### Data listing:
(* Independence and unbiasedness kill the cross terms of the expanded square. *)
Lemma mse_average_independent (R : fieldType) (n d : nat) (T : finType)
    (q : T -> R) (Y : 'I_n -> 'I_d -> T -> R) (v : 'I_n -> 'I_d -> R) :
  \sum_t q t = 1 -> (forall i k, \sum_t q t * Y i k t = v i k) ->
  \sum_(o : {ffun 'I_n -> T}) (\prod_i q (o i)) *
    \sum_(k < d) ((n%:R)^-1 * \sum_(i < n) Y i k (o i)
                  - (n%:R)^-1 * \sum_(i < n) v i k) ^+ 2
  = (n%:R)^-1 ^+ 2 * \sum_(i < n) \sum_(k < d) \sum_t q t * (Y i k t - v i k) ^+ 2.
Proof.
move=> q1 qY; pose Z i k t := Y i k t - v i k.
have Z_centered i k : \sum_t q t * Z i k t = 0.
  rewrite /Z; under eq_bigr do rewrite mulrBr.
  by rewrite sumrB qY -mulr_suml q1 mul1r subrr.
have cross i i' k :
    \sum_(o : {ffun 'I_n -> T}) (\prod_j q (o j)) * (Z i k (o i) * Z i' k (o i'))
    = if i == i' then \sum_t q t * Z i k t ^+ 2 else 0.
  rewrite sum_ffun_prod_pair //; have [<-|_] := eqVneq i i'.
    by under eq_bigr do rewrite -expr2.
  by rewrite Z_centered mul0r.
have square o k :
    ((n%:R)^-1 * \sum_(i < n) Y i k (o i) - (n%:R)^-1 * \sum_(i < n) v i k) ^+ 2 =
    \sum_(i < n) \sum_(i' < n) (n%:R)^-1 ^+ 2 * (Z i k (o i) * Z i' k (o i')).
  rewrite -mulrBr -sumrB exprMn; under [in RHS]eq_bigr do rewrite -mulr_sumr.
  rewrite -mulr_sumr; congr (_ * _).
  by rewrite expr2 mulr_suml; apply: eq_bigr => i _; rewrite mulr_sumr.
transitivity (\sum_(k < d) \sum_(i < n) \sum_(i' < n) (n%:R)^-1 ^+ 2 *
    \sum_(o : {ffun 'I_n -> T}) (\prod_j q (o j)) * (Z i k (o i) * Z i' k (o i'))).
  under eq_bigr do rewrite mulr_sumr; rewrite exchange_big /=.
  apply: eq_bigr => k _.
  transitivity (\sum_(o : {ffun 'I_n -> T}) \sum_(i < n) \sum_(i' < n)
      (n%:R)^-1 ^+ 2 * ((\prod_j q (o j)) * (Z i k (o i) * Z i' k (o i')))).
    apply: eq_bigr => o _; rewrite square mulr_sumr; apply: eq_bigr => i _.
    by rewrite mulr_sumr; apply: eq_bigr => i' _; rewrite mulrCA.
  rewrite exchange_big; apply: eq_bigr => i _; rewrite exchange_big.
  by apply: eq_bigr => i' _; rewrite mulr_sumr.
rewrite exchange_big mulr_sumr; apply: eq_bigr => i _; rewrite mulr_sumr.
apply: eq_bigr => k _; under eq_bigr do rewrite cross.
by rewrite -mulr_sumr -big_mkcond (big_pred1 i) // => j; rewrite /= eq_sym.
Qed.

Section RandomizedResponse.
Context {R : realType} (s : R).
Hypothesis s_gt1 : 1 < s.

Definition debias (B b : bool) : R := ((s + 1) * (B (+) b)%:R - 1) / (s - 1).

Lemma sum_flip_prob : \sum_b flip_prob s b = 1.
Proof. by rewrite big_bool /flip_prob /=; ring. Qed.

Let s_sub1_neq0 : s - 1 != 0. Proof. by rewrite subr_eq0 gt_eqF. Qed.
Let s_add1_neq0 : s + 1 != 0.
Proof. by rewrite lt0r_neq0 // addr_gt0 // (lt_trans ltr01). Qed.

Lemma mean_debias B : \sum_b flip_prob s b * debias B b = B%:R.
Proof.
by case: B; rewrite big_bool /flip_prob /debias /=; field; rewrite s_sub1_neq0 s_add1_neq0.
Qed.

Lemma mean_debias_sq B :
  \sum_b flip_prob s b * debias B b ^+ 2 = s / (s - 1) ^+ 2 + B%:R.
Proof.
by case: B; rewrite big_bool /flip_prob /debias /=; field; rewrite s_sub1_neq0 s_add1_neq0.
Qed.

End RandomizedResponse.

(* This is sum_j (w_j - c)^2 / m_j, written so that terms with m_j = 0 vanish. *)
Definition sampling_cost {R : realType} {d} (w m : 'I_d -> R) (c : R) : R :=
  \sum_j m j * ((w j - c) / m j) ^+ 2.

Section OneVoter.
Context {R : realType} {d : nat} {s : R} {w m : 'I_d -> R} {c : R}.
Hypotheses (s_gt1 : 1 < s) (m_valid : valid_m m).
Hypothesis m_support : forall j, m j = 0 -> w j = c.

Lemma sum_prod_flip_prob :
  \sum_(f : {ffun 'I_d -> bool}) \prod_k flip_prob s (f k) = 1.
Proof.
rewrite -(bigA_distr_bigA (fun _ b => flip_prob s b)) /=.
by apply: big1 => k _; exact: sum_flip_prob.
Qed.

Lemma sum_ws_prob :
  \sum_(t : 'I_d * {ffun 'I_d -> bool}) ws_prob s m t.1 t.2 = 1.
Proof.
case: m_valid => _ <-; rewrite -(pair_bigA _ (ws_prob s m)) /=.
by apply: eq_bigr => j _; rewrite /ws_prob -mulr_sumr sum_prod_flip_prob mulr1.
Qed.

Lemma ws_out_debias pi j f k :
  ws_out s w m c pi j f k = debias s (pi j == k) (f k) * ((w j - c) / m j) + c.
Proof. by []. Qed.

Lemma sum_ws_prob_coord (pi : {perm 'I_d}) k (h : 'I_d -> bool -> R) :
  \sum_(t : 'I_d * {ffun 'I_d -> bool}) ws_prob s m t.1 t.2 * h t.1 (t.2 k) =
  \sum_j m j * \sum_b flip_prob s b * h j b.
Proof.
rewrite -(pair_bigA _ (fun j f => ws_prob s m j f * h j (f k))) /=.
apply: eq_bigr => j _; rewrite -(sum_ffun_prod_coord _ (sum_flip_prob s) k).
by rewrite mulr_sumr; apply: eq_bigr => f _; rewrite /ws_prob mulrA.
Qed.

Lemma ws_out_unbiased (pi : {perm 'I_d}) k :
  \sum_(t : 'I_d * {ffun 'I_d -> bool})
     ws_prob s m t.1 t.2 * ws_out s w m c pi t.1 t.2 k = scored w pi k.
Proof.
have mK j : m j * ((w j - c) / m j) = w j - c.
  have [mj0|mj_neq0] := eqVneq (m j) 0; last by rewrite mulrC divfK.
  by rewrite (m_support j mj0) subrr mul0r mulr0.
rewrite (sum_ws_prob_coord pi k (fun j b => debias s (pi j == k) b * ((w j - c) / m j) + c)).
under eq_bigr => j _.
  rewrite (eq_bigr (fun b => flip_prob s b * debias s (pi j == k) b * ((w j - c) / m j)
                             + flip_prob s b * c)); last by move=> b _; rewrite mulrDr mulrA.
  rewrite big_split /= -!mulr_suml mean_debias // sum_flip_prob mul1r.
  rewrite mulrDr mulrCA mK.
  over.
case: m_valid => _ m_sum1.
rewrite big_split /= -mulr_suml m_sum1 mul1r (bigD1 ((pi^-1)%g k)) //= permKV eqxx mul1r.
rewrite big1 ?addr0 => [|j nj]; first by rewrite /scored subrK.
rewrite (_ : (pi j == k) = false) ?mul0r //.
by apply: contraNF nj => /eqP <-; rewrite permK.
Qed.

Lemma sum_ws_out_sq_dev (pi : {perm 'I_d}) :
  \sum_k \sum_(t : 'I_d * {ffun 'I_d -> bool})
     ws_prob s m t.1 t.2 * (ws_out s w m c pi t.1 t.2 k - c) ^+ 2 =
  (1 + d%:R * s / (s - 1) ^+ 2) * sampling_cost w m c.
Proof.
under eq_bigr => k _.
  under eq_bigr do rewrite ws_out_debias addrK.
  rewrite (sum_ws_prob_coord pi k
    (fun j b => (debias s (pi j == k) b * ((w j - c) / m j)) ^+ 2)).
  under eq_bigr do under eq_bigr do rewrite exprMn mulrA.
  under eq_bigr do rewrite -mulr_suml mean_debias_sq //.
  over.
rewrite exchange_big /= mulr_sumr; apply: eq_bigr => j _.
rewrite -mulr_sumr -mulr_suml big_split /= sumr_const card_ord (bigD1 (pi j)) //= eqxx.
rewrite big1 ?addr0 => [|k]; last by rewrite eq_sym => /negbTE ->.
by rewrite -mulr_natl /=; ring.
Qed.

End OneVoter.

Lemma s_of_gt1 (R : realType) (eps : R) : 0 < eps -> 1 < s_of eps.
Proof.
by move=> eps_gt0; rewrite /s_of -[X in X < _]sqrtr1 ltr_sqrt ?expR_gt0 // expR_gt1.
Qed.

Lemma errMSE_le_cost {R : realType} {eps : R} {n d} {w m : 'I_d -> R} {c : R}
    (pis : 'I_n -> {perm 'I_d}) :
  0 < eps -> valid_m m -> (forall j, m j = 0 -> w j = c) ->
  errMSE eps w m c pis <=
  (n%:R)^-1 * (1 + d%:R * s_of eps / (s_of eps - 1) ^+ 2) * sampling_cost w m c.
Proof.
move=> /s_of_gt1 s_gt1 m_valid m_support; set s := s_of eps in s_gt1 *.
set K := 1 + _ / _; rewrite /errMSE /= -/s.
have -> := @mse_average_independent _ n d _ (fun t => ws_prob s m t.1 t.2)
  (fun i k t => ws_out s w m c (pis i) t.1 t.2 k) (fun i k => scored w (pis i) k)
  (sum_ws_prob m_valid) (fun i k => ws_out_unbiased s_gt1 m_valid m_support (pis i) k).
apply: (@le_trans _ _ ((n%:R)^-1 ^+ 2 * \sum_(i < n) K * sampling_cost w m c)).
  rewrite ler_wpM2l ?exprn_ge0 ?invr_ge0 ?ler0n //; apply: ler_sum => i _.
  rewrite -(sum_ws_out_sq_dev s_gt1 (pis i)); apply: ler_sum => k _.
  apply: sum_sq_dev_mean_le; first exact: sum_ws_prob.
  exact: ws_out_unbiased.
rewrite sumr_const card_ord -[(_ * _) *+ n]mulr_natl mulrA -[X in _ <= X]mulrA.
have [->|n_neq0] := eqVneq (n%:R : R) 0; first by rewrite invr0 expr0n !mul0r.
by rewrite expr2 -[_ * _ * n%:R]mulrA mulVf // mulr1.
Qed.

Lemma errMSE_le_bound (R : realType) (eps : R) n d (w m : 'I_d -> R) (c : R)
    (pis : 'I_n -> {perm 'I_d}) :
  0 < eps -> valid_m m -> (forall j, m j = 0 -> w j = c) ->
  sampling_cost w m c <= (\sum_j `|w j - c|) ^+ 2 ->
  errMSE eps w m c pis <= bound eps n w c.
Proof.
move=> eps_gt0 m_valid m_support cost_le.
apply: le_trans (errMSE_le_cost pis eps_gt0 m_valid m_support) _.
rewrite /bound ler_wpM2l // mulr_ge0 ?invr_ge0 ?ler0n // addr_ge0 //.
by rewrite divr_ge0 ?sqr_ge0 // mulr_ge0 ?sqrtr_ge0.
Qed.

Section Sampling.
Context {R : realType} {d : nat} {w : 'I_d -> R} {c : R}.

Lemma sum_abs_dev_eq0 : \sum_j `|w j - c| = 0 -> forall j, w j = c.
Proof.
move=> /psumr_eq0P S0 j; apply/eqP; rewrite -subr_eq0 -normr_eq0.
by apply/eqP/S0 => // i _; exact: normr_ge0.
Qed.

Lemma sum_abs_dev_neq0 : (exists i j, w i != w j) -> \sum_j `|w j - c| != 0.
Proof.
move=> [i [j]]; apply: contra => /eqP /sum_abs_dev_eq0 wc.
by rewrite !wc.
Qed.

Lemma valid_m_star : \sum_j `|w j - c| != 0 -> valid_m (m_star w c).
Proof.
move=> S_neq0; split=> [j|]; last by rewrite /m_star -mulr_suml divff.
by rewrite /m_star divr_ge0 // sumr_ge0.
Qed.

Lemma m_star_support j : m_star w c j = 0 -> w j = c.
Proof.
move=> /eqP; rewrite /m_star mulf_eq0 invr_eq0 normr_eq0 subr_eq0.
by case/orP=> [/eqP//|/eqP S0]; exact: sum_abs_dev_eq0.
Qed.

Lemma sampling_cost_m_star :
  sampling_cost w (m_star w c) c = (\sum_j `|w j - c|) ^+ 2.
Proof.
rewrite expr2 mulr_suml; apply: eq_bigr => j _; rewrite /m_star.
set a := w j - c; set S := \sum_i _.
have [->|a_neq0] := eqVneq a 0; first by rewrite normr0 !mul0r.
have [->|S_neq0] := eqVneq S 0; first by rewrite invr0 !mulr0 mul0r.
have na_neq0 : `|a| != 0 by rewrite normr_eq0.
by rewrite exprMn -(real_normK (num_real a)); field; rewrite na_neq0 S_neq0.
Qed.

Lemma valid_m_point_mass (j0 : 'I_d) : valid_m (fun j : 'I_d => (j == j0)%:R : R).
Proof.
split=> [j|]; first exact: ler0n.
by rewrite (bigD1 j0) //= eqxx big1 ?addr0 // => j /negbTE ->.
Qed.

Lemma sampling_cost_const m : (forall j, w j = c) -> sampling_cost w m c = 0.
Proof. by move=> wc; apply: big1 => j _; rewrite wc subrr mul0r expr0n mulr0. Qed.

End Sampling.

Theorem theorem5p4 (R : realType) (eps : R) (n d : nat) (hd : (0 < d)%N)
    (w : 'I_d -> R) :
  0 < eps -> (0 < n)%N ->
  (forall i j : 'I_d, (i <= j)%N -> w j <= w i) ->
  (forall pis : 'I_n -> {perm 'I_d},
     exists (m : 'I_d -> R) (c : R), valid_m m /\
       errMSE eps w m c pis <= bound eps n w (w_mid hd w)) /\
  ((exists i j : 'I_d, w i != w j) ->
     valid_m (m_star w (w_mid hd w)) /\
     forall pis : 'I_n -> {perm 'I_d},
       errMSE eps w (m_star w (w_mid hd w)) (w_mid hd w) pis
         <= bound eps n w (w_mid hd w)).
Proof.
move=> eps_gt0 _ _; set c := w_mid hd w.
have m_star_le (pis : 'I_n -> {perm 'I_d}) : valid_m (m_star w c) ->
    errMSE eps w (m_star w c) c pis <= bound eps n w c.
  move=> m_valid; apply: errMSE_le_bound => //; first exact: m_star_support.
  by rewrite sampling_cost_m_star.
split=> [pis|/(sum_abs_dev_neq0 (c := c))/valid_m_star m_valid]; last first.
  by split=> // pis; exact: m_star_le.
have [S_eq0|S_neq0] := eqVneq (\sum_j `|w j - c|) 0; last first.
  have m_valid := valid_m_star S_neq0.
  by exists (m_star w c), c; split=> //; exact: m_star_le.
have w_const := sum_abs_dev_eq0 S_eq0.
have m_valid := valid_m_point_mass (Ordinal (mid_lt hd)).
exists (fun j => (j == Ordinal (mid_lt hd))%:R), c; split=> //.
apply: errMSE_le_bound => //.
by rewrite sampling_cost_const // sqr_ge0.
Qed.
...
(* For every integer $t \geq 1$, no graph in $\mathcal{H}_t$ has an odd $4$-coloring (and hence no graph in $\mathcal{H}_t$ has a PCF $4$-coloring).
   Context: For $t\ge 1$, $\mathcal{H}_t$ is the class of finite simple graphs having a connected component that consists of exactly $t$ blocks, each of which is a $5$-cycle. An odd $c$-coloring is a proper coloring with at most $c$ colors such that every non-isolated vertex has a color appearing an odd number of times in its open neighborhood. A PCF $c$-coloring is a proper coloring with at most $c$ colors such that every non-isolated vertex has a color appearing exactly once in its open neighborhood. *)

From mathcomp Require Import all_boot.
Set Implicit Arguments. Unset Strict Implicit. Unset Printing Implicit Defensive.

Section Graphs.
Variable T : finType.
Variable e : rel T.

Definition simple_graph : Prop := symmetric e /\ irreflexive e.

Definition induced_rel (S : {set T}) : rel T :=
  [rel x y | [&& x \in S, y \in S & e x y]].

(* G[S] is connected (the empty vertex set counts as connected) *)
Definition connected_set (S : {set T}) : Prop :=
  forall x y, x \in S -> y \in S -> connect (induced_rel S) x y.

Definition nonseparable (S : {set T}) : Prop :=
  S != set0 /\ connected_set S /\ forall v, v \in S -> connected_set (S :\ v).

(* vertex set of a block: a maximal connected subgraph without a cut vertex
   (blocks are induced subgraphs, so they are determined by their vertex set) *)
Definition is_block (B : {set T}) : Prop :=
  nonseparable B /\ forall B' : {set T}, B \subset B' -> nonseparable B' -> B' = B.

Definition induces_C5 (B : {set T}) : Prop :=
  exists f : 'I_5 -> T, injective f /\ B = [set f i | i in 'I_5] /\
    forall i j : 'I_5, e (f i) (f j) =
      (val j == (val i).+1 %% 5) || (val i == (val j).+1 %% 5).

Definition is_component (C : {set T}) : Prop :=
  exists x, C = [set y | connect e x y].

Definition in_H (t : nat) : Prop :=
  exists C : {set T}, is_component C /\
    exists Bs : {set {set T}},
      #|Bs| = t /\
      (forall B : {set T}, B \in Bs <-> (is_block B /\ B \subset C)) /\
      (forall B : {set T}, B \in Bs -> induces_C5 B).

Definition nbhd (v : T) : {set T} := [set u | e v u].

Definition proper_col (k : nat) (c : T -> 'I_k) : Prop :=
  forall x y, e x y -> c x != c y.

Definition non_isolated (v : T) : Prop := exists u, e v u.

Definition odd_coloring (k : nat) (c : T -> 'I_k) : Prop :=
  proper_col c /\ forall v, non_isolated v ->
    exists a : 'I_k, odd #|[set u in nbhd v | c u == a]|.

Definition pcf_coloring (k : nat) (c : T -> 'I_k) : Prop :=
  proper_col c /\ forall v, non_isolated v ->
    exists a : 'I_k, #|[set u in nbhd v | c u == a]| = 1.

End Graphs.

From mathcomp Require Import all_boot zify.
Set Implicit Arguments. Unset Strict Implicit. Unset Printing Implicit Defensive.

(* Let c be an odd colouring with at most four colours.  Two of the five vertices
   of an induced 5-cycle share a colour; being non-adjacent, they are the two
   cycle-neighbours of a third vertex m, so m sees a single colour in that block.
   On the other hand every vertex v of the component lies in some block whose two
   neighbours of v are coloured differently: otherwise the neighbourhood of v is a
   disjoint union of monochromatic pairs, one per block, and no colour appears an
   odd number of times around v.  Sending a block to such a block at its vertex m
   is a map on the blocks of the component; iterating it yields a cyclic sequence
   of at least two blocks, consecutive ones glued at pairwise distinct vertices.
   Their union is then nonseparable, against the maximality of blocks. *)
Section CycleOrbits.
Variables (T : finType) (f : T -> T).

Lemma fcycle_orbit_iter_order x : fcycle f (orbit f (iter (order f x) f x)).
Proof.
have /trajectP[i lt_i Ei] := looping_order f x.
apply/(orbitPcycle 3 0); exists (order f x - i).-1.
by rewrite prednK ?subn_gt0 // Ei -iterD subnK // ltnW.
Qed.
* * *
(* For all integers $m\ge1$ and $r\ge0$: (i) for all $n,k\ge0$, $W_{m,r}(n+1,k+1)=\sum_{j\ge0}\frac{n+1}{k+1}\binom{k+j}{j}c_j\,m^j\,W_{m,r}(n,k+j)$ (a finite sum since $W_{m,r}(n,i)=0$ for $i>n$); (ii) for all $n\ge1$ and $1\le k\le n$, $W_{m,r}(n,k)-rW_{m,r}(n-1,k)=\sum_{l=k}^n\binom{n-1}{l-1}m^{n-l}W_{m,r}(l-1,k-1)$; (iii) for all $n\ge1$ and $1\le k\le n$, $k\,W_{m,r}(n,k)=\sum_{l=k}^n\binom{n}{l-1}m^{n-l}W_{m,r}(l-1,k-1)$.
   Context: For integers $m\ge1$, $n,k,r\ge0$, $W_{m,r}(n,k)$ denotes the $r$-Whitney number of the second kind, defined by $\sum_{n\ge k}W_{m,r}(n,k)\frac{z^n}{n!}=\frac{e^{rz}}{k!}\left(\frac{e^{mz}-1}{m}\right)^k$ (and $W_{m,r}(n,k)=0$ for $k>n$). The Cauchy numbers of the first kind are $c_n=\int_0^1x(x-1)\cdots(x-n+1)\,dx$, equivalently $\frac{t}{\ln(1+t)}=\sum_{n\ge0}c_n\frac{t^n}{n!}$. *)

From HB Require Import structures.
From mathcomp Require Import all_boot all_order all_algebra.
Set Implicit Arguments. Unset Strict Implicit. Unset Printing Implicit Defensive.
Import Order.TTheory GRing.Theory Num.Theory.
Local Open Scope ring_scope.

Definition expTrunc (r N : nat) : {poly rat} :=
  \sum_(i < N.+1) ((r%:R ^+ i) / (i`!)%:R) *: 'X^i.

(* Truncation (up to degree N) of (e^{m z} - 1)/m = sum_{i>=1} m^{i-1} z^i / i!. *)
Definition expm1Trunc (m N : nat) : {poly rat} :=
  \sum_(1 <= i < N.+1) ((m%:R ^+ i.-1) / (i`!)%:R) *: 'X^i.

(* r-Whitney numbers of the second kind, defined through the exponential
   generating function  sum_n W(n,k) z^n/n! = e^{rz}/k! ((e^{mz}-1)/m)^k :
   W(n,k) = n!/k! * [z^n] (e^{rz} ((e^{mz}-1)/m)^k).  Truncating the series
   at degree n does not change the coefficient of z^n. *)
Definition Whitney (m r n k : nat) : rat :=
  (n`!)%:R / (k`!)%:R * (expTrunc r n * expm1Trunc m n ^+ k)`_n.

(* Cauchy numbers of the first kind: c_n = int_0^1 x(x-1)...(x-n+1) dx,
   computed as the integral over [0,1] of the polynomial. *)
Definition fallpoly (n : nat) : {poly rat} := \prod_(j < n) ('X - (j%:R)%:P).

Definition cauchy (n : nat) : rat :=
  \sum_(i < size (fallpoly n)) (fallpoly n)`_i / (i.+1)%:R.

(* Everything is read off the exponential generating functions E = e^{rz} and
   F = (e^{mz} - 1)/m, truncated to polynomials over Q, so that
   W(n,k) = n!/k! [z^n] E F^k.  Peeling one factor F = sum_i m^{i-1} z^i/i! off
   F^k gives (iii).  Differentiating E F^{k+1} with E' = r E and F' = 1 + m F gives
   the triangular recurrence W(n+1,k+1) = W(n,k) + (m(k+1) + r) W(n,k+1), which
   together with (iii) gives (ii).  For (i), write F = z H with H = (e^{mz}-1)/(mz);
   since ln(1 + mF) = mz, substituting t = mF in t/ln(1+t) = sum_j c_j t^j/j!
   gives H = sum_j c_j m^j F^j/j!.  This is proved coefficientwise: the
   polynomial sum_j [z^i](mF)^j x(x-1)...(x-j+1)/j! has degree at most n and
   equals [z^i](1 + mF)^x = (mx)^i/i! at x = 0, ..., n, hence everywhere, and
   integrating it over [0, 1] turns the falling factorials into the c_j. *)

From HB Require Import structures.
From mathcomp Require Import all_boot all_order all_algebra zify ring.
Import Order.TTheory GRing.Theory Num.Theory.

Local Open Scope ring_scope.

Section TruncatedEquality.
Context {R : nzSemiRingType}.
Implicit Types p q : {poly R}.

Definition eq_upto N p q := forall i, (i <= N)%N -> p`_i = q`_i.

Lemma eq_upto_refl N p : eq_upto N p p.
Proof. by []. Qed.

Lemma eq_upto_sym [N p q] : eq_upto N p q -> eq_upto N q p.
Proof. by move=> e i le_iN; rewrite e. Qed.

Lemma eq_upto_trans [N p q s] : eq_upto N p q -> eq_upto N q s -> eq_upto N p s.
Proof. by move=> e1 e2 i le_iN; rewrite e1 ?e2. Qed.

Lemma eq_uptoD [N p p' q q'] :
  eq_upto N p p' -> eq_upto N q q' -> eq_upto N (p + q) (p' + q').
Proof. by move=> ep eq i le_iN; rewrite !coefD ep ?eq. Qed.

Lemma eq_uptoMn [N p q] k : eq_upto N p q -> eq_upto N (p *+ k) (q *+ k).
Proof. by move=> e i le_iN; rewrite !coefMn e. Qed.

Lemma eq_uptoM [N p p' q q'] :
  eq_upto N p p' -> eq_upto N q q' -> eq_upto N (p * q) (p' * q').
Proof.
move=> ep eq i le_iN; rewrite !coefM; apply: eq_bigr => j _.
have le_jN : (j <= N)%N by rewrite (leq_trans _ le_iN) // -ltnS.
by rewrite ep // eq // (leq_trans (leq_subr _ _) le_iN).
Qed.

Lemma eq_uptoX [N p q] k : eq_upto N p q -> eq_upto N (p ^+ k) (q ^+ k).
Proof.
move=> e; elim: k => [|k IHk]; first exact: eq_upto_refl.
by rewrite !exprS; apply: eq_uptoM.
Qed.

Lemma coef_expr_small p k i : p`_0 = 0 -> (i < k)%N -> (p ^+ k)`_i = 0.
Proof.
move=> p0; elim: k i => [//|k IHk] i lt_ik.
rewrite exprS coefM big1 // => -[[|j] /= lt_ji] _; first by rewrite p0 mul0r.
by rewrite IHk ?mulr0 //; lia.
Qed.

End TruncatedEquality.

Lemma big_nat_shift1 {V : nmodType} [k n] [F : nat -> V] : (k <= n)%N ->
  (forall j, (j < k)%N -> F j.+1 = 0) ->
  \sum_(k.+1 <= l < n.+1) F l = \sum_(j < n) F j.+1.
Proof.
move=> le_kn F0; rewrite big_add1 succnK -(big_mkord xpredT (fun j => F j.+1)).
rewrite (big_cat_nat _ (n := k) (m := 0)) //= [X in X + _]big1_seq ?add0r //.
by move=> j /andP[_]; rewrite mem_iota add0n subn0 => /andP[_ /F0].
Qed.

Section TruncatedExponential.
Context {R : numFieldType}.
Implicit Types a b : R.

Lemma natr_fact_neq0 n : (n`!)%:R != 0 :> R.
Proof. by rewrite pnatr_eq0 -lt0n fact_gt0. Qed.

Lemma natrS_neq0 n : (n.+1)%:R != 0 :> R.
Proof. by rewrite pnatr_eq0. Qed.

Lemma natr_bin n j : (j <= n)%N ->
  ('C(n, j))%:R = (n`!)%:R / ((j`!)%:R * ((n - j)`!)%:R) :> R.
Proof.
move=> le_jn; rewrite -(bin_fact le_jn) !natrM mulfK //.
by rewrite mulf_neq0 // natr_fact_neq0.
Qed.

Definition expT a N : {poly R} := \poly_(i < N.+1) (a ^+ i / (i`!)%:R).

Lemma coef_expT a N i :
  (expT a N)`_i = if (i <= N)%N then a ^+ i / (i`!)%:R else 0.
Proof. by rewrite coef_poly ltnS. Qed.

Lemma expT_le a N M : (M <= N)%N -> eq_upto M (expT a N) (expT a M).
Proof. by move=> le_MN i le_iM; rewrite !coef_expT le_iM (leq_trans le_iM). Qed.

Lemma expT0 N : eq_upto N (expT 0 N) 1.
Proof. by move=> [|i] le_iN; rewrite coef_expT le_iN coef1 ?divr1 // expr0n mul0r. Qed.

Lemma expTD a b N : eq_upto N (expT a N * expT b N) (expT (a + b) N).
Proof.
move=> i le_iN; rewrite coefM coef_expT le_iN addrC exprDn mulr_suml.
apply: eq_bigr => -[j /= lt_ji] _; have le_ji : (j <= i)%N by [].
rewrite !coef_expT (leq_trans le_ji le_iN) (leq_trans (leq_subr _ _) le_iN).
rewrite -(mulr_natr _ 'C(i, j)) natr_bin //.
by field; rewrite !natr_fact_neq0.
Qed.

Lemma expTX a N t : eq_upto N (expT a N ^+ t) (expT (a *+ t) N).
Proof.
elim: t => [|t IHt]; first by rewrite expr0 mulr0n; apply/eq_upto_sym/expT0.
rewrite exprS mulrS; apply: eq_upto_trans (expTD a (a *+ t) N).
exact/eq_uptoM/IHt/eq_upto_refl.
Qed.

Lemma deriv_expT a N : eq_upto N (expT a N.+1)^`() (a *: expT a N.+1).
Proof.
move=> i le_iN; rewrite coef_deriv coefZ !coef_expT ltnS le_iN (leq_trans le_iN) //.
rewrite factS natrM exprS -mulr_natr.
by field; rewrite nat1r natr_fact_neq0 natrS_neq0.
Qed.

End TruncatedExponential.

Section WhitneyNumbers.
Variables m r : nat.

### Work task:
From the listing, reproduce every line where the word "defined" is present.

### Problem solution:
   Context: For integers $m\ge1$, $n,k,r\ge0$, $W_{m,r}(n,k)$ denotes the $r$-Whitney number of the second kind, defined by $\sum_{n\ge k}W_{m,r}(n,k)\frac{z^n}{n!}=\frac{e^{rz}}{k!}\left(\frac{e^{mz}-1}{m}\right)^k$ (and $W_{m,r}(n,k)=0$ for $k>n$). The Cauchy numbers of the first kind are $c_n=\int_0^1x(x-1)\cdots(x-n+1)\,dx$, equivalently $\frac{t}{\ln(1+t)}=\sum_{n\ge0}c_n\frac{t^n}{n!}$. *)
(* r-Whitney numbers of the second kind, defined through the exponential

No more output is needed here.